MANILA, Philippines (UPDATED) – It was never a sprint for the San Mig Super Coffee Mixers. It was always a marathon.

As James Yap scored on one-hander after one-hander on Wednesday, July 9, the Smart Araneta Coliseum rumbled and rattled anew just like the countless times it stood witness to historic championships like the Mixers were about to have.

With Mark Barroca running around finding his teammates like he has done all year and Joe Devance stepping up as needed, San Mig Coffee finally crossed the finish line of their season-long marathon and trumped the Rain or Shine Elasto Painters, 92-89, in a classic Game 5 in the Finals of the 2014 PLDT Home Telpad PBA Governors’ Cup to finally stamp their claim in history with a Grand Slam.

The Mixers took home their fourth straight silverware and the third one for the rare and coveted Triple Crown. It is also the second Grand Slam feat for the now 18-time champion coach Tim Cone, who last accomplished the same in 1996 with Alaska.

“This 4-peat, this Grand Slam still hasn’t hit me yet. I’m overwhelmed by it,” said Cone after the awarding ceremonies, drenched in water and looking a mix of relieved, ecstatic and exhausted from a grueling season.

ECSTATIC. Two-time PBA Grand Slam winner coach Tim Cone gets doused with cold water by import Marqus Blakely. Photo by Josh Albelda/Rappler

“Every time that we came to a big game, I’d say, well, this is the time it ain’t gonna happen. We played with fire too much, it ain’t gonna happen. But somehow the guys just found a way.”

Yap, whom Cone himself said he was saving for big games and big moments like a winner-take-all Game 5, could do no wrong on Wednesday night on his way to 29 markers and 8 rebounds, keeping the Mixers afloat all game long.

Rain or Shine, despite their best efforts at chopping down the once 16-point 69-53 lead in the third to one, 73-72, early in the fourth, bowed down to yet another payoff period assault from Cone’s wards.

The Mixers came out with a mission to crowd the paint and gang rebound, saving many possessions and getting the edge on second-chance points, 16-10. Though Rain or Shine, after having zero second-chance points in the first half, came back in the second half thanks to multiple putbacks off misses.

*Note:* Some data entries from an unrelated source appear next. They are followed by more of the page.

(* Every normal uniform Kan complex $A$ has a normal connection $c:A^{\mathrm{I}}\to A^{\mathrm{I}\times\mathrm{I}}$.
   Context: Let $\mathbb{B}$ be the category of finite sets $[n]=\{\bot,x_1,\dots,x_n,\top\}$ ($n\ge0$, $\bot\ne\top$) and functions preserving $\bot,\top$; cartesian cubical sets are presheaves on $\mathbb{B}^{op}$. $\mathrm{I}^n$ is the representable on $[n]$, $\mathrm{I}^n\cong\mathrm{I}\times\dots\times\mathrm{I}$, $\mathrm{I}=\mathrm{I}^1$, $\mathrm{I}^0=1$; maps $\mathrm{I}^n\to X$ correspond to $n$-cubes of $X$. The two maps $[1]\to[0]$ give endpoints $0,1:1\to\mathrm{I}$. For $1\le i\le n$, $d\in\{0,1\}$, the face $\alpha_i^d:\mathrm{I}^{n-1}\to\mathrm{I}^n$ inserts $d$ in coordinate $i$; for $e\in\{0,1\}$ the open box $\sqcup^n_e\rightarrowtail\mathrm{I}^n$ is the union of the images of all faces $\alpha_i^d$ with $(i,d)\ne(1,e)$, with inclusion $i^n_e$. A uniform Kan complex is a cubical set $A$ with, for each $n\ge1$, $e\in\{0,1\}$, $k\ge1$ and $b:\mathrm{I}^k\times\sqcup^n_e\to A$, a chosen extension $\phi(b):\mathrm{I}^k\times\mathrm{I}^n\to A$ of $b$ along $1\times i^n_e$, with $\phi(b(\alpha\times1))=\phi(b)(\alpha\times1)$ for all $\alpha:\mathrm{I}^j\to\mathrm{I}^k$ ($j\ge1$). It is normal if for all $n\ge0$, $e$, $k\ge1$ and $c:\mathrm{I}^k\times\mathrm{I}^n\to A$, with $\pi:\mathrm{I}^{n+1}\to\mathrm{I}^n$ forgetting the first coordinate, $\phi(c(1\times\pi)(1\times i^{n+1}_e))=c(1\times\pi)$. A connection on $X$ is a map of cubical sets $c:X^{\mathrm{I}}\to X^{\mathrm{I}\times\mathrm{I}}$ such that for every $n$-cube $a:\mathrm{I}^n\times\mathrm{I}\to X$ of $X^{\mathrm{I}}$, with $a_0=a(1\times0)$, the map $c(a):\mathrm{I}^n\times\mathrm{I}\times\mathrm{I}\to X$ (coordinates $(u,s,t)$) restricts on $s=1$ to $a$ and on $s=0$ and on $t=0$ to the constant path at $a_0$. It is normal if $c(x\circ\mathrm{pr})=x\circ\mathrm{pr}'$ for every $n$-cube $x:\mathrm{I}^n\to X$, where $\mathrm{pr}:\mathrm{I}^n\times\mathrm{I}\to\mathrm{I}^n$ and $\mathrm{pr}':\mathrm{I}^n\times\mathrm{I}\times\mathrm{I}\to\mathrm{I}^n$ are projections (i.e. $c$ sends constant paths to doubly degenerate squares). *)

From Stdlib Require Import FunctionalExtensionality ProofIrrelevance.
From HB Require Import structures.
From mathcomp Require Import all_boot.

Set Implicit Arguments.
Unset Strict Implicit.
Unset Printing Implicit Defensive.

(* [n] = {bot, x_1, ..., x_n, top} is encoded as 'I_(n+2), with         *)
(* bot = 0, x_j = j, top = n+1.                                         *)

Definition Pt (n : nat) := 'I_n.+2.
Definition ptbot (n : nat) : Pt n := ord0.
Definition pttop (n : nat) : Pt n := ord_max.

Definition Bmor (n m : nat) :=
  {f : {ffun Pt n -> Pt m} | (f (ptbot n) == ptbot m) && (f (pttop n) == pttop m)}.

Definition bfun n m (f : Bmor n m) : Pt n -> Pt m := fun j => sval f j.

Lemma mkB_proof n m (f : Pt n -> Pt m) :
  f (ptbot n) = ptbot m -> f (pttop n) = pttop m ->
  ((finfun f) (ptbot n) == ptbot m) && ((finfun f) (pttop n) == pttop m).
Proof. by move=> h1 h2; rewrite !ffunE h1 h2 !eqxx. Qed.

Definition mkB n m (f : Pt n -> Pt m) (h1 : f (ptbot n) = ptbot m)
  (h2 : f (pttop n) = pttop m) : Bmor n m :=
  exist _ (finfun f) (mkB_proof h1 h2).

Despite being down for most of the fourth, the Painters rallied to within 3, 92-89, with 1:32 to play after an Arizona Reid basket.

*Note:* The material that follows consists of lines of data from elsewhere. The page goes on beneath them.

(* Variables X := nat (countably infinite); symbols of a pattern: inl x (variable) or inr a (letter). *)
Definition pattern (S : Type) := seq (nat + S).

Definition subst (S : Type) (h : nat -> seq S) (p : pattern S) : seq S :=
  flatten (map (fun s => match s with inl x => h x | inr a => [:: a] end) p).

(* erasing pattern language membership *)
Definition inL (S : Type) (p : pattern S) (w : seq S) : Prop :=
  exists h : nat -> seq S, subst h p = w.

Definition nc_pattern (S : Type) (xs ns : seq nat) : pattern S :=
  flatten [seq nseq xn.2 (@inl nat S xn.1) | xn <- zip xs ns].

(* NCPi^{|S|}_{infty,m} : non-cross patterns (constant-free, nonempty, distinct variables,
   exponents >= 1) in which every variable occurs at most m times. *)
Definition in_NC (S : Type) (m : nat) (p : pattern S) : Prop :=
  exists xs ns : seq nat,
    [/\ xs != [::], uniq xs, size xs = size ns,
        all (fun n => (0 < n) && (n <= m)) ns & p = nc_pattern S xs ns].

(* labelled examples: (w, true) = (w,+), (w, false) = (w,-) *)
Definition consistent (S : eqType) (T : seq (seq S * bool)) (p : pattern S) : Prop :=
  forall e, e \in T -> (inL p e.1 <-> e.2 = true).

Definition teaching_set (S : eqType) (C : pattern S -> Prop) (T : seq (seq S * bool))
    (p : pattern S) : Prop :=
  consistent T p /\
  forall tau, C tau -> consistent T tau -> forall w, inL tau w <-> inL p w.

Definition TD_le (S : eqType) (C : pattern S -> Prop) (p : pattern S) (k : nat) : Prop :=
  exists T, size T <= k /\ teaching_set C T p.

Definition pw (S : Type) (u : seq S) (n : nat) : seq S := flatten (nseq n u).

From mathcomp Require Import all_boot zify.
Set Implicit Arguments. Unset Strict Implicit. Unset Printing Implicit Defensive.

(* 1. A non-cross pattern with distinct variables and exponents ns generates
      exactly the words u1^n1 ... uk^nk ("factorizes w ns").  Factorization is decidable (factorizesb) and invariant
      under injective letter renamings, so for the words v1, v3, v4 it can be
      evaluated on their images over bool.
   2. Every exponent sequence of length >= 4 with entries dividing 9! admits
      v2 = (01)^N (001)^N (0001)^N (00001)^N, N = 9!; but pi does not: the four
      gaps 1 0^k 1 (k = 1..4) of v2 each lie inside one factor u^n (n >= 3)
      of a factorization of v2 along pi, while periodicity and the increasing
      gap sizes of v2 force a single gap size per factor (pigeonhole).
   3. Exponent 1 admits every word, in particular v3.
   4. A finite computation over the remaining exponent sequences (length <= 3,
      entries 2..9) shows that only (4, 8, 9) admits v1 but not v3 and v4. *)

Section PowerWords.
Variable T : Type.
Implicit Types u : seq T.

Lemma pwS u n : pw u n.+1 = u ++ pw u n. Proof. by []. Qed.

Lemma pwD u a b : pw u (a + b) = pw u a ++ pw u b.
Proof. by rewrite /pw nseqD flatten_cat. Qed.

Lemma pwSr u n : pw u n.+1 = pw u n ++ u.
Proof. by rewrite -addn1 pwD /pw /= cats0. Qed.

Lemma pw_nil n : pw (@nil T) n = [::]. Proof. by elim: n. Qed.

Lemma pwM u a b : pw u (a * b) = pw (pw u a) b.
Proof. by elim: b => [|b IH]; rewrite ?muln0 // mulnS pwD IH. Qed.

Lemma size_pw u n : size (pw u n) = n * size u.
Proof. by elim: n => // n IH; rewrite pwS size_cat IH mulSn. Qed.

Lemma map_pw (T' : Type) (f : T -> T') u n : map f (pw u n) = pw (map f u) n.
Proof. by elim: n => // n IH; rewrite !pwS map_cat IH. Qed.

Lemma pw_period d u n t : t + size u < size (pw u n) ->
  nth d (pw u n) (t + size u) = nth d (pw u n) t.
Proof.
case: n => [|n]; first by rewrite size_pw mul0n ltn0.
rewrite size_pw mulSn => H.
rewrite [in LHS]pwS [in RHS]pwSr nth_cat ltnNge leq_addl /= addnK nth_cat size_pw ifT //.
lia.
Qed.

But for the potential party crashers, no matter how many chances they were given, those 89 points were their last ones for the 39th season of the PBA.

Towards the end both teams failed to knock down crucial shots that could’ve finished either of them off.

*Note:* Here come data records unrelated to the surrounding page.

(* Let $G$ be a group, $\nu$ a conjugation-invariant pseudo-norm on $G$, and $H,K$ subgroups of $G$ such that $(G,H)$ satisfies the property $\mathsf{FM}$. Then for any $g\in G$ and any $f\in K$, \[ \nu([g,f])\le 4E_{H,\nu}(K), \] where $[g,f]=gfg^{-1}f^{-1}$.
   Context: A conjugation-invariant pseudo-norm on a group $G$ is a function $\nu\colon G\to\mathbb{R}_{\ge0}$ with $\nu(1)=0$, $\nu(f)=\nu(f^{-1})$, $\nu(fg)\le\nu(f)+\nu(g)$ and $\nu(gfg^{-1})=\nu(f)$ for all $f,g\in G$. For a subgroup $H\le G$, $\nu_H(f)$ is the minimal $k$ such that $f=g_1h_1g_1^{-1}\cdots g_kh_kg_k^{-1}$ ($g_i\in G,h_i\in H$), $\infty$ if none. For $K\subset G$, $\mathrm{D}^f_H(K)$ is the set of $h_0\in G$ such that for all $g_1,\dots,g_k\in G$ there is $h\in G$ with every element of $hh_0h^{-1}K(hh_0h^{-1})^{-1}$ commuting with every element of $g_1Hg_1^{-1}\cup\dots\cup g_kHg_k^{-1}$; $E_{H,\nu}(K)=\inf_{h_0\in\mathrm{D}^f_H(K)}\nu(h_0)$ (infimum of the empty set being $+\infty$). $(G,H)$ satisfies $\mathsf{FM}$ if $\nu_H<\infty$ on $G$ and $\mathrm{D}^f_H(h_1Hh_1^{-1}\cup\dots\cup h_kHh_k^{-1})\ne\emptyset$ for all $h_1,\dots,h_k\in G$. *)

From Stdlib Require Import Reals List.
From Coquelicot Require Import Rbar Lub.
Open Scope R_scope.

Record Group := {
  carrier :> Type;
  gmul : carrier -> carrier -> carrier;
  gone : carrier;
  ginv : carrier -> carrier;
  gmulA : forall x y z, gmul x (gmul y z) = gmul (gmul x y) z;
  gmul1l : forall x, gmul gone x = x;
  gmulVl : forall x, gmul (ginv x) x = gone
}.

Arguments gmul {g} _ _.
Arguments gone {g}.
Arguments ginv {g} _.

Definition conjg {G : Group} (g f : G) : G := gmul (gmul g f) (ginv g).

Definition commg {G : Group} (g f : G) : G :=
  gmul (gmul (gmul g f) (ginv g)) (ginv f).

Definition is_subgroup {G : Group} (H : G -> Prop) : Prop :=
  H gone /\ (forall x y, H x -> H y -> H (gmul x y)) /\ (forall x, H x -> H (ginv x)).

Definition is_ci_pseudonorm {G : Group} (nu : G -> R) : Prop :=
  (forall f, 0 <= nu f) /\
  nu gone = 0 /\
  (forall f, nu f = nu (ginv f)) /\
  (forall f g, nu (gmul f g) <= nu f + nu g) /\
  (forall f g, nu (conjg g f) = nu f).

Definition conj_prod {G : Group} (l : list (G * G)) : G :=
  fold_right (fun p acc => gmul (conjg (fst p) (snd p)) acc) gone l.

(* nu_H(f) < infinity *)
Definition nuH_finite {G : Group} (H : G -> Prop) (f : G) : Prop :=
  exists l : list (G * G), Forall (fun p => H (snd p)) l /\ f = conj_prod l.

Definition in_conj_union {G : Group} (H : G -> Prop) (gs : list G) (y : G) : Prop :=
  exists g h, In g gs /\ H h /\ y = conjg g h.

Definition Df {G : Group} (H K : G -> Prop) (h0 : G) : Prop :=
  forall gs : list G, exists h : G,
    forall x y, K x -> in_conj_union H gs y ->
      gmul (conjg (conjg h h0) x) y = gmul y (conjg (conjg h h0) x).

(* E_{H,nu}(K) = inf_{h0 in D^f_H(K)} nu(h0), +oo if empty *)
Definition E_Hnu {G : Group} (H : G -> Prop) (nu : G -> R) (K : G -> Prop) : Rbar :=
  Glb_Rbar (fun r => exists h0, Df H K h0 /\ r = nu h0).

Definition FM {G : Group} (H : G -> Prop) : Prop :=
  (forall f : G, nuH_finite H f) /\
  (forall hs : list G, exists h0, Df H (in_conj_union H hs) h0).

(* Since (G, H) satisfies FM, g is a product of conjugates of elements of H.
   If h0 lies in D^f_H(K), some conjugate u of h0 makes c := u f u^-1 commute
   with every factor of that product, hence with g.  Then
     [g, f] = (g u^-1 g^-1) (c [g, u] c^-1) u,
   and each of the three factors has norm at most nu(u) = nu(h0), the middle
   one twice over; taking the infimum over h0 gives the bound 4 E_{H,nu}(K). *)

From Stdlib Require Import Reals List Lra.
From Coquelicot Require Import Rbar Lub.

Section GroupFacts.
Variable G : Group.
Implicit Types x y z : G.

Lemma mulgA' x y z : gmul (gmul x y) z = gmul x (gmul y z).
Proof. now rewrite gmulA. Qed.

Lemma mulgV x : gmul x (ginv x) = gone.
Proof.
  rewrite <- (gmul1l _ (gmul x (ginv x))), <- (gmulVl _ (ginv x)).
  now rewrite mulgA', (gmulA _ (ginv x) x), gmulVl, gmul1l.
Qed.

Lemma mulg1 x : gmul x gone = x.
Proof. now rewrite <- (gmulVl _ x), gmulA, mulgV, gmul1l. Qed.

Lemma mulKg x y : gmul (ginv x) (gmul x y) = y.
Proof. now rewrite gmulA, gmulVl, gmul1l. Qed.

Lemma mulKVg x y : gmul x (gmul (ginv x) y) = y.
Proof. now rewrite gmulA, mulgV, gmul1l. Qed.

Lemma invgK x : ginv (ginv x) = x.
Proof. now rewrite <- (mulg1 (ginv (ginv x))), <- (gmulVl _ x), mulKg. Qed.

Lemma invMg x y : ginv (gmul x y) = gmul (ginv y) (ginv x).
Proof.
  assert (E : gmul (gmul x y) (gmul (ginv y) (ginv x)) = gone)
    by now rewrite mulgA', mulKVg, mulgV.
  now rewrite <- (mulg1 (ginv (gmul x y))), <- E, mulKg.
Qed.

Lemma commute_conj_prod (H : G -> Prop) (c : G) (l : list (G * G)) :
  Forall (fun p => H (snd p)) l ->
  (forall y, in_conj_union H (map fst l) y -> gmul c y = gmul y c) ->
  gmul c (conj_prod l) = gmul (conj_prod l) c.
Proof.
  induction l as [|[a b] l IH]; intros Hl Hc; simpl.
  - now rewrite gmul1l, mulg1.
  - inversion Hl as [|? ? Hb Hl']; subst.
    assert (Ehead : gmul c (conjg a b) = gmul (conjg a b) c)
      by (apply Hc; exists a, b; simpl; auto).
    assert (Etail : gmul c (conj_prod l) = gmul (conj_prod l) c).
    { apply IH; [exact Hl'|].
      intros y [g [h [Hg [Hh ->]]]]; apply Hc; exists g, h; simpl; auto. }
    now rewrite gmulA, Ehead, mulgA', Etail, gmulA.
Qed.

Lemma commg_factor (g f u : G) :
  gmul (conjg u f) g = gmul g (conjg u f) ->
  commg g f =
    gmul (gmul (conjg g (ginv u)) (conjg (conjg u f) (commg g u))) u.
Proof.
  unfold commg, conjg; intro Hcomm. rewrite !mulgA' in Hcomm.
  assert (Hshift : forall z, gmul u (gmul f (gmul (ginv u) (gmul g z))) =
                             gmul g (gmul u (gmul f (gmul (ginv u) z)))).
  { intro z. transitivity (gmul (gmul u (gmul f (gmul (ginv u) g))) z).
    - now rewrite !mulgA'.
    - now rewrite Hcomm, !mulgA'. }
  rewrite !invMg, !invgK, !mulgA', !mulKg, gmulVl, mulg1.
  now rewrite Hshift, !mulKg.
Qed.

End GroupFacts.

Section PseudoNorm.
Variables (G : Group) (nu : G -> R).
Hypothesis Hnu : is_ci_pseudonorm nu.

Lemma nu_invg (x : G) : nu (ginv x) = nu x.
Proof. destruct Hnu as (_ & _ & NV & _). symmetry; apply NV. Qed.

Lemma nu_mulg (x y : G) : nu (gmul x y) <= nu x + nu y.
Proof. destruct Hnu as (_ & _ & _ & NT & _). apply NT. Qed.

Lemma nu_conjg (g x : G) : nu (conjg g x) = nu x.
Proof. destruct Hnu as (_ & _ & _ & _ & NC). apply NC. Qed.

Lemma nu_commg_le (g u : G) : nu (commg g u) <= 2 * nu u.
Proof.
  pose proof (nu_mulg (conjg g u) (ginv u)).
  rewrite nu_conjg, nu_invg in *. unfold commg, conjg in *. lra.
Qed.

Lemma nu_commg_le_of_commute (g f u : G) :
  gmul (conjg u f) g = gmul g (conjg u f) -> nu (commg g f) <= 4 * nu u.
Proof.
  intro Hcomm. rewrite (commg_factor G g f u Hcomm).
  set (c := conjg u f).
  pose proof (nu_mulg (gmul (conjg g (ginv u)) (conjg c (commg g u))) u).
  pose proof (nu_mulg (conjg g (ginv u)) (conjg c (commg g u))).
  pose proof (nu_commg_le g u).
  rewrite !nu_conjg, nu_invg in *. lra.
Qed.

Lemma nu_commg_le_Df (H K : G -> Prop) (g f h0 : G) :
  nuH_finite H g -> K f -> Df H K h0 -> nu (commg g f) <= 4 * nu h0.
Proof.
  intros [l [Hl ->]] Kf HD.
  destruct (HD (map fst l)) as [h Hh].
  rewrite <- (nu_conjg h h0).
  apply nu_commg_le_of_commute, (commute_conj_prod G H); [exact Hl|].
  intros y Hy. now apply Hh.
Qed.

End PseudoNorm.

Lemma Rbar_le_mult_Glb (E : R -> Prop) (a c : R) :
  0 < c -> (forall r, E r -> a <= c * r) ->
  Rbar_le (Finite a) (Rbar_mult (Finite c) (Glb_Rbar E)).
Proof.
  intros Hc Hbound.
  destruct (Glb_Rbar_correct E) as [_ Hgreatest].
  assert (Hlb : Rbar_le (Finite (a / c)) (Glb_Rbar E)).
  { apply Hgreatest. intros r Er. simpl.
    apply Rmult_le_reg_l with c; [exact Hc|].
    field_simplify; [now apply Hbound | lra]. }
  destruct (Glb_Rbar E) as [r | | ]; simpl in *.
  - apply Rmult_le_reg_l with (/ c); [now apply Rinv_0_lt_compat|].
    field_simplify; lra.
  - unfold Rbar_mult'.
    destruct (Rle_dec 0 c) as [p|p]; [|lra].
    destruct (Rle_lt_or_eq_dec 0 c p); [exact I|lra].
  - contradiction.
Qed.

Theorem lemma2p6 (G : Group) (nu : G -> R) (H K : G -> Prop)
  (Hnu : is_ci_pseudonorm nu) (HH : is_subgroup H) (HK : is_subgroup K)
  (HFM : FM H) :
  forall g f : G, K f ->
    Rbar_le (Finite (nu (commg g f))) (Rbar_mult (Finite 4) (E_Hnu H nu K)).
Proof.
  intros g f Kf.
  destruct HFM as [Hnormal _].
  apply Rbar_le_mult_Glb; [lra|].
  intros r [h0 [HD ->]].
  exact (nu_commg_le_Df G nu Hnu H K g f h0 (Hnormal g) Kf HD).
Qed.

As San Mig Coffee missed 4 straight endgame free throws from Barroca and Yap, the Painters, too, missed 5 triple attempts from Reid, Paul Lee and Jeff Chan that could have tied the game and force overtime.

Down to the last possession, however, like coach Yeng Guiao had always taught, the Painters fought.

Lee had a nice open look on the left corner with 26 seconds on the clock but the 25-year old gunner, who had been 4-of-7 from long range before that attempt, watched in horror as the ball rattled in and out of the rim.

He and Chan would make two more attempts in the wild sequence that ensued, which had the misfiring Chan (6 points with zero makes from beyond the arc) heave a shot that was rebounded by Lee for his own long one that was too strong.

And with 2.2 seconds left in the season, Reid took the last shot, a triple, that could have prevented the Grand Slam. But it wasn’t meant to be.

As Lee finished with 21 points for the Painters and Reid had 23, chaos broke out around the Big Dome and the Mixers basked in the moment they’ve all been working toward all year.

“Just watching the journey we had and being able to watch these guys and observe, it’s truly just an honor,” Cone said.

The 56-year old Cone made sure to air his awe over his hard-working players.

He spoke of the relentless energy and tenacity of Pingris (10 points, 11 rebounds) and Devance (11 points, 8 rebounds), as well as the calmness of Yap, who he says was relaxed in one corner before this game while his other teammates were pumped up and intense.

“That’s why he’s Big Game James, nothing fazes him,” Cone said of the 32-year old former UE Red Warrior.

Fittingly, Yap won his second consecutive Finals MVP award after bucking injuries throughout the season.

“He just comes out and plays calmly and is able to withstand the big moments.”

Toughest Grand Slam

This particular Grand Slam is the toughest, according to Cone, even if just for the rough schedule this season.

The PBA shortened its usual year-long season to give the national team ample time for preparations as they gear up for the FIBA World Cup in Spain this August.

As a result, this 39th season was played in 235 days, with barely any breaks. The 38th season was played in the span of over a year in 391 days.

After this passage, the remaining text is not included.